What does it take for racetrack management to put their foot down and say NO, we don’t want you competing at our track? Are tracks really hurting that bad for horses, trainers and drivers that they have to allow these people to race at their venues? Jeff Gural has taken a stand at his three tracks and other tracks have also denied some horsemen from competing, but cases like Eckley and Mosher are still allowed to happen.

It is simple enough to take care of. As Senior Director of Racing Operations at Pompano Park we would sit down with the race secretary and staff and a representative of the horsemen’s association before every meet and go over every single trainer and driver and horse that was seeking permission to compete at the meet. Checks would be done on their history via the USTA and if there was any questions at all, additional searches and queries would be done. And after the meet was underway anytime a new person requested stall space or wanted to race at the meet, the same was done again.

For those that did not have clean enough records, even at times nothing but the speculation of wrong doing, depending on the infractions, they were denied the right to compete. These “speculations of wrong doing” would range from needles and medical supplies found buried in horse stalls after they left for the season, evading searches, possession of illegal medications, hidden ownerships, all sorts of questionable dirty deeds that made these people undesirable to be at the racetrack. Fellow horsemen did not want to have to compete against them and it was unfair to the betting public too.

We knew at the time we were doing the right thing and the ownership of the racetrack, state racing commission and the horsemen and women supported our actions.

What did it mean in the long run? Not much.

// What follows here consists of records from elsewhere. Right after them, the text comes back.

Arguments wm {C A B A' B'} _ _.
Arguments is_sum {C X Y} _ _ _.
Arguments piB {C} b A.
Arguments kcmp {C X Y Z} _ _.
Arguments klift {C X Y} _.
Arguments Dk {C X Y} _.
Arguments tens {C} F n.
Arguments tenm {C F G} f n.
Arguments prods {C} F n.
Arguments prodm {C F G} f n.
Arguments mN {C} F n.
Arguments mNi {C} F n.
Arguments spN {C} F n.
Arguments Mk {C F n Y} l.
Arguments slot {C} X i A k.
Arguments slotm {C} X i {A B} f k.
Arguments slotpsi {C} X i k.
Arguments psi {C} X i n.
Arguments Di {C} X i n {Y} f.

Record CDRC_axioms (C : CDRC) : Prop := {
  ax_assoc : forall (W X Y Z : ob C) (h : hom Y Z) (g : hom X Y) (f : hom W X),
      cmp h (cmp g f) = cmp (cmp h g) f;
  ax_idl : forall (X Y : ob C) (f : hom X Y), cmp (idm Y) f = f;
  ax_idr : forall (X Y : ob C) (f : hom X Y), cmp f (idm X) = f;
  ax_tm_id : forall A B : ob C, tm (idm A) (idm B) = idm (tob A B);
  ax_tm_cmp : forall (A B D A' B' D' : ob C) (g : hom B D) (f : hom A B)
      (g' : hom B' D') (f' : hom A' B'),
      tm (cmp g f) (cmp g' f') = cmp (tm g g') (tm f f');
  ax_asc_nat : forall (A A' B B' D D' : ob C) (f : hom A A') (g : hom B B') (h : hom D D'),
      cmp (asc A' B' D') (tm (tm f g) h) = cmp (tm f (tm g h)) (asc A B D);
  ax_asc_iso1 : forall A B D : ob C, cmp (asci A B D) (asc A B D) = idm _;
  ax_asc_iso2 : forall A B D : ob C, cmp (asc A B D) (asci A B D) = idm _;
  ax_lun_nat : forall (A B : ob C) (f : hom A B),
      cmp (lun B) (tm (idm unit) f) = cmp f (lun A);
  ax_lun_iso1 : forall A : ob C, cmp (luni A) (lun A) = idm _;
  ax_lun_iso2 : forall A : ob C, cmp (lun A) (luni A) = idm _;
  ax_run_nat : forall (A B : ob C) (f : hom A B),
      cmp (run B) (tm f (idm unit)) = cmp f (run A);
  ax_run_iso1 : forall A : ob C, cmp (runi A) (run A) = idm _;
  ax_run_iso2 : forall A : ob C, cmp (run A) (runi A) = idm _;
  ax_sym_nat : forall (A A' B B' : ob C) (f : hom A A') (g : hom B B'),
      cmp (sym A' B') (tm f g) = cmp (tm g f) (sym A B);
  ax_sym_inv : forall A B : ob C, cmp (sym B A) (sym A B) = idm _;
  ax_pentagon : forall A B D E : ob C,
      cmp (asc A B (tob D E)) (asc (tob A B) D E)
      = cmp (tm (idm A) (asc B D E)) (cmp (asc A (tob B D) E) (tm (asc A B D) (idm E)));
  ax_triangle : forall A B : ob C,
      cmp (tm (idm A) (lun B)) (asc A unit B) = tm (run A) (idm B);
  ax_hexagon : forall A B D : ob C,
      cmp (asc B D A) (cmp (sym A (tob B D)) (asc A B D))
      = cmp (tm (idm B) (sym A D)) (cmp (asc B A D) (tm (sym A B) (idm D)));
  ax_ev_cur : forall (D A B : ob C) (f : hom (tob D A) B),
      cmp (ev A B) (tm (cur f) (idm A)) = f;
  ax_cur_ev : forall (D A B : ob C) (g : hom D (lin A B)),
      cur (cmp (ev A B) (tm g (idm A))) = g;
  ax_zero_l : forall (X Y Z : ob C) (f : hom X Y), cmp (zero Y Z) f = zero X Z;
  ax_zero_r : forall (X Y Z : ob C) (g : hom Y Z), cmp g (zero X Y) = zero X Z;
  ax_tm_zero_l : forall (A B A' B' : ob C) (f : hom A' B'),
      tm (zero A B) f = zero _ _;
  ax_tm_zero_r : forall (A B A' B' : ob C) (f : hom A B),
      tm f (zero A' B') = zero _ _;
  ax_p0_pair : forall (Z A B : ob C) (f : hom Z A) (g : hom Z B),
      cmp (p0 A B) (pair f g) = f;
  ax_p1_pair : forall (Z A B : ob C) (f : hom Z A) (g : hom Z B),
      cmp (p1 A B) (pair f g) = g;
  ax_pair_eta : forall (Z A B : ob C) (h : hom Z (wob A B)),
      pair (cmp (p0 A B) h) (cmp (p1 A B) h) = h;
  ax_term : forall (Z : ob C) (f : hom Z top), f = term Z;
  ax_bm_id : forall A : ob C, bm (idm A) = idm (bang A);
  ax_bm_cmp : forall (A B D : ob C) (g : hom B D) (f : hom A B),
      bm (cmp g f) = cmp (bm g) (bm f);
  ax_der_nat : forall (A B : ob C) (f : hom A B), cmp (der B) (bm f) = cmp f (der A);
  ax_dig_nat : forall (A B : ob C) (f : hom A B),
      cmp (dig B) (bm f) = cmp (bm (bm f)) (dig A);
  ax_der_dig : forall A : ob C, cmp (der (bang A)) (dig A) = idm _;
  ax_bder_dig : forall A : ob C, cmp (bm (der A)) (dig A) = idm _;
  ax_dig_dig : forall A : ob C, cmp (bm (dig A)) (dig A) = cmp (dig (bang A)) (dig A);
  ax_m0_iso1 : cmp (m0i (c:=C)) m0 = idm _;
  ax_m0_iso2 : cmp (m0 (c:=C)) m0i = idm _;
  ax_m2_iso1 : forall A B : ob C, cmp (m2i A B) (m2 A B) = idm _;
  ax_m2_iso2 : forall A B : ob C, cmp (m2 A B) (m2i A B) = idm _;
  ax_m2_nat : forall (A A' B B' : ob C) (f : hom A A') (g : hom B B'),
      cmp (m2 A' B') (tm (bm f) (bm g)) = cmp (bm (wm f g)) (m2 A B);
  ax_m2_assoc : forall A B D : ob C,
      cmp (m2 (wob A B) D) (tm (m2 A B) (idm (bang D)))
      = cmp (bm (pair (pair (p0 A (wob B D)) (cmp (p0 B D) (p1 A (wob B D))))
                      (cmp (p1 B D) (p1 A (wob B D)))))
          (cmp (m2 A (wob B D)) (cmp (tm (idm (bang A)) (m2 B D)) (asc _ _ _)));
  ax_m2_unit : forall A : ob C,
      cmp (m2 top A) (cmp (tm m0 (idm (bang A))) (luni (bang A)))
      = bm (pair (term A) (idm A));
  ax_m2_sym : forall A B : ob C,
      cmp (m2 B A) (sym (bang A) (bang B)) = cmp (bm (pair (p1 A B) (p0 A B))) (m2 A B);
  ax_Sm_id : forall A : ob C, Sm (idm A) = idm (Sob A);
  ax_Sm_cmp : forall (A B D : ob C) (g : hom B D) (f : hom A B),
      Sm (cmp g f) = cmp (Sm g) (Sm f);
  ax_pi0_nat : forall (A B : ob C) (f : hom A B), cmp (pi0 B) (Sm f) = cmp f (pi0 A);
  ax_pi1_nat : forall (A B : ob C) (f : hom A B), cmp (pi1 B) (Sm f) = cmp f (pi1 A);
  ax_sig_nat : forall (A B : ob C) (f : hom A B), cmp (sig B) (Sm f) = cmp f (sig A);
  ax_pi_monic : forall (Z A : ob C) (f g : hom Z (Sob A)),
      cmp (pi0 A) f = cmp (pi0 A) g -> cmp (pi1 A) f = cmp (pi1 A) g -> f = g;
  ax_sum_zero_r : forall (X Y : ob C) (f : hom X Y), is_sum f (zero X Y) f;
  ax_sum_zero_l : forall (X Y : ob C) (f : hom X Y), is_sum (zero X Y) f f;
  ax_sum_comm : forall (X Y : ob C) (f g s : hom X Y), is_sum f g s -> is_sum g f s;
  ax_sum_assoc : forall (X Y : ob C) (f g h s t : hom X Y),
      is_sum f g s -> is_sum s h t -> exists u, is_sum g h u /\ is_sum f u t;
  ax_sum_cmp_l : forall (X Y Z : ob C) (k : hom Y Z) (f g s : hom X Y),
      is_sum f g s -> is_sum (cmp k f) (cmp k g) (cmp k s);
  ax_sum_cmp_r : forall (W X Y : ob C) (k : hom W X) (f g s : hom X Y),
      is_sum f g s -> is_sum (cmp f k) (cmp g k) (cmp s k);
  ax_sum_tm_l : forall (A B A' B' : ob C) (k : hom A' B') (f g s : hom A B),
      is_sum f g s -> is_sum (tm f k) (tm g k) (tm s k);
  ax_sum_tm_r : forall (A B A' B' : ob C) (k : hom A B) (f g s : hom A' B'),
      is_sum f g s -> is_sum (tm k f) (tm k g) (tm k s);
  ax_iota0_0 : forall A : ob C, cmp (pi0 A) (iota0 A) = idm A;
  ax_iota0_1 : forall A : ob C, cmp (pi1 A) (iota0 A) = zero A A;
  ax_tau_0 : forall A : ob C, cmp (pi0 A) (tau A) = cmp (pi0 A) (pi0 (Sob A));
  ax_tau_1 : forall A : ob C,
      is_sum (cmp (pi1 A) (pi0 (Sob A))) (cmp (pi0 A) (pi1 (Sob A))) (cmp (pi1 A) (tau A));
  ax_flip : forall (A : ob C) (b b' : bool),
      cmp (piB b A) (cmp (piB b' (Sob A)) (flip A)) = cmp (piB b' A) (piB b (Sob A));
  ax_L_0 : forall A B : ob C, cmp (pi0 (tob A B)) (Lst A B) = tm (pi0 A) (pi0 B);
  ax_L_1 : forall A B : ob C,
      is_sum (tm (pi1 A) (pi0 B)) (tm (pi0 A) (pi1 B)) (cmp (pi1 (tob A B)) (Lst A B));
  ax_sp_0 : forall A B : ob C, cmp (Sm (p0 A B)) (sp A B) = p0 (Sob A) (Sob B);
  ax_sp_1 : forall A B : ob C, cmp (Sm (p1 A B)) (sp A B) = p1 (Sob A) (Sob B);
  ax_sp_iso : forall A B : ob C,
      cmp (sp A B) (pair (Sm (p0 A B)) (Sm (p1 A B))) = idm (Sob (wob A B));
  ax_S_top : forall (Z : ob C) (f g : hom Z (Sob top)), f = g;
  ax_dif_nat : forall (A B : ob C) (f : hom A B),
      cmp (Sm (bm f)) (dif A) = cmp (dif B) (bm (Sm f));
  ax_dif_pi0 : forall A : ob C, cmp (pi0 (bang A)) (dif A) = bm (pi0 A);
  ax_dif_iota0 : forall A : ob C, cmp (dif A) (bm (iota0 A)) = iota0 (bang A);
  ax_dif_tau : forall A : ob C,
      cmp (tau (bang A)) (cmp (Sm (dif A)) (dif (Sob A))) = cmp (dif A) (bm (tau A));
  ax_dif_der : forall A : ob C, cmp (Sm (der A)) (dif A) = der (Sob A);
  ax_dif_dig : forall A : ob C,
      cmp (Sm (dig A)) (dif A) = cmp (dif (bang A)) (cmp (bm (dif A)) (dig (Sob A)));
  ax_dif_m0 : cmp (Sm (m0i (c:=C))) (dif top)
              = cmp (iota0 unit) (cmp m0i (bm (zero (Sob top) top)));
  ax_dif_m2 : forall A B : ob C,
      cmp (Sm (m2i A B)) (cmp (dif (wob A B)) (bm (sp A B)))
      = cmp (Lst (bang A) (bang B)) (cmp (tm (dif A) (dif B)) (m2i (Sob A) (Sob B)));
  ax_dif_flip : forall A : ob C,
      cmp (flip (bang A)) (cmp (Sm (dif A)) (dif (Sob A)))
      = cmp (Sm (dif A)) (cmp (dif (Sob A)) (bm (flip A)))
}.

Less than a year after I left Pompano Park, most of those denied people were allowed to come back and race again. New management and new ways of doing things.

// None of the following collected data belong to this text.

Definition split_map (x : L) : {ffun G -> B} := [ffun t => corner_proj e (a t^-1 x)].
Definition split_inv (f : {ffun G -> B}) : L := \sum_t a t (corner_val (f t)).

Lemma split_mapK : cancel split_map split_inv.
Proof.
move=> x; rewrite /split_inv (eq_bigr (fun t => x * a t e0)) => [|t _].
  by rewrite -mulr_sumr; case: e_part => _ _ ->; rewrite mulr1.
by rewrite ffunE corner_projE (endoM (a_endo t)) -aM mulgV a1.
Qed.

Lemma split_invK : cancel split_inv split_map.
Proof.
move=> f; apply/ffunP => t; apply: val_inj => /=; rewrite ffunE corner_projE /split_inv.
rewrite (endo_sum (a_endo _)) mulr_suml (bigD1 t) //= big1 ?addr0.
  by rewrite -aM mulVg a1 corner_valMe.
move=> u ne_ut; rewrite -aM translate_mul_corner //.
by apply: contra ne_ut => /eqP/(congr1 (fun u => t * u)%g); rewrite mulKVg mulg1 => ->.
Qed.

Lemma split_map_sigma_iso : sigma_iso_F sL a (corner_map e sL) split_map.
Proof.
split; first by exists split_inv; [exact: split_mapK | exact: split_invK].
split=> [|x y|x y|x|mu x]; apply/ffunP => t; rewrite !ffunE.
- by rewrite (endo1 (a_endo _)) rmorph1.
- by rewrite (endoD (a_endo _)) rmorphD.
- by rewrite (endoM (a_endo _)) rmorphM.
- by apply: val_inj => /=; rewrite rmorphM sL_e sL_a -mulrA nzidemM.
- by rewrite -aM invMg invgK.
Qed.
Definition accepted {n m} (f P1 P2 : vec n -> R) (g : 'I_m -> vec n -> R)
  (c : R) (xt x : vec n) : Prop :=
  feasible g x /\ Fval f P1 P2 x <= Fval f P1 P2 xt - c / 2 * (norm (vsub x xt))^2.

(* trial f P1 P2 gradf g gradg c tau xt xi L0f L0g k Lf Lg :
   (Lf, Lg) is the trial pair used at inner iteration k (k = 0 first trial)
   of outer iteration with current point xt, subgradient xi and initial pair
   (L0f, L0g). *)
Inductive trial {n m} (f P1 P2 : vec n -> R) (gradf : vec n -> vec n)
  (g : 'I_m -> vec n -> R) (gradg : 'I_m -> vec n -> vec n) (c tau : R)
  (xt xi : vec n) (L0f : R) (L0g : vec m) : nat -> R -> vec m -> Prop :=
| trial0 : trial f P1 P2 gradf g gradg c tau xt xi L0f L0g 0 L0f L0g
| trial_infeas : forall k Lf Lg x,
    trial f P1 P2 gradf g gradg c tau xt xi L0f L0g k Lf Lg ->
    Ssol gradf P1 g gradg xt xi Lf Lg x ->
    ~ feasible g x ->
    trial f P1 P2 gradf g gradg c tau xt xi L0f L0g (S k) Lf (vscale tau Lg)
| trial_nodecr : forall k Lf Lg x,
    trial f P1 P2 gradf g gradg c tau xt xi L0f L0g k Lf Lg ->
    Ssol gradf P1 g gradg xt xi Lf Lg x ->
    feasible g x ->
    ~ (Fval f P1 P2 x <= Fval f P1 P2 xt - c / 2 * (norm (vsub x xt))^2) ->
    trial f P1 P2 gradf g gradg c tau xt xi L0f L0g (S k) (tau * Lf) Lg.

(* reachable ... t xt : xt is a possible iterate x^t of SCP_ls started at x0,
   for some admissible choices of xi^s in dP2(x^s) and of the initial pairs
   (L_f^{s,0}, L_g^{s,0}) in [Llo, Lhi] x [Llo, Lhi]^m, s < t. *)
Inductive reachable {n m} (f P1 P2 : vec n -> R) (gradf : vec n -> vec n)
  (g : 'I_m -> vec n -> R) (gradg : 'I_m -> vec n -> vec n) (c tau Llo Lhi : R)
  (x0 : vec n) : nat -> vec n -> Prop :=
| reach0 : reachable f P1 P2 gradf g gradg c tau Llo Lhi x0 0 x0
| reachS : forall t xt xi L0f L0g k Lf Lg x',
    reachable f P1 P2 gradf g gradg c tau Llo Lhi x0 t xt ->
    subgrad P2 xt xi ->
    Llo <= L0f <= Lhi ->
    (forall i, Llo <= L0g i <= Lhi) ->
    trial f P1 P2 gradf g gradg c tau xt xi L0f L0g k Lf Lg ->
    Ssol gradf P1 g gradg xt xi Lf Lg x' ->
    accepted f P1 P2 g c xt x' ->
    reachable f P1 P2 gradf g gradg c tau Llo Lhi x0 (S t) x'.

So in the long run it’s usually the squeaky wheel that gets the grease. If enough people stand up and complain about a situation it could get remedied. Then again it may not.

I think that if enough people are sick and tired of hearing about “bad boys” being allowed to compete elsewhere that each one of us needs to tell racetrack management how we feel. Racetracks need to stand a stand and stop those who cheat the system and abuse horses from competing and show the horsemen and women who play fair that improper behavior will not be tolerated. This will also instill faith back to the betting public that the tracks do care. It’s not that much to ask for.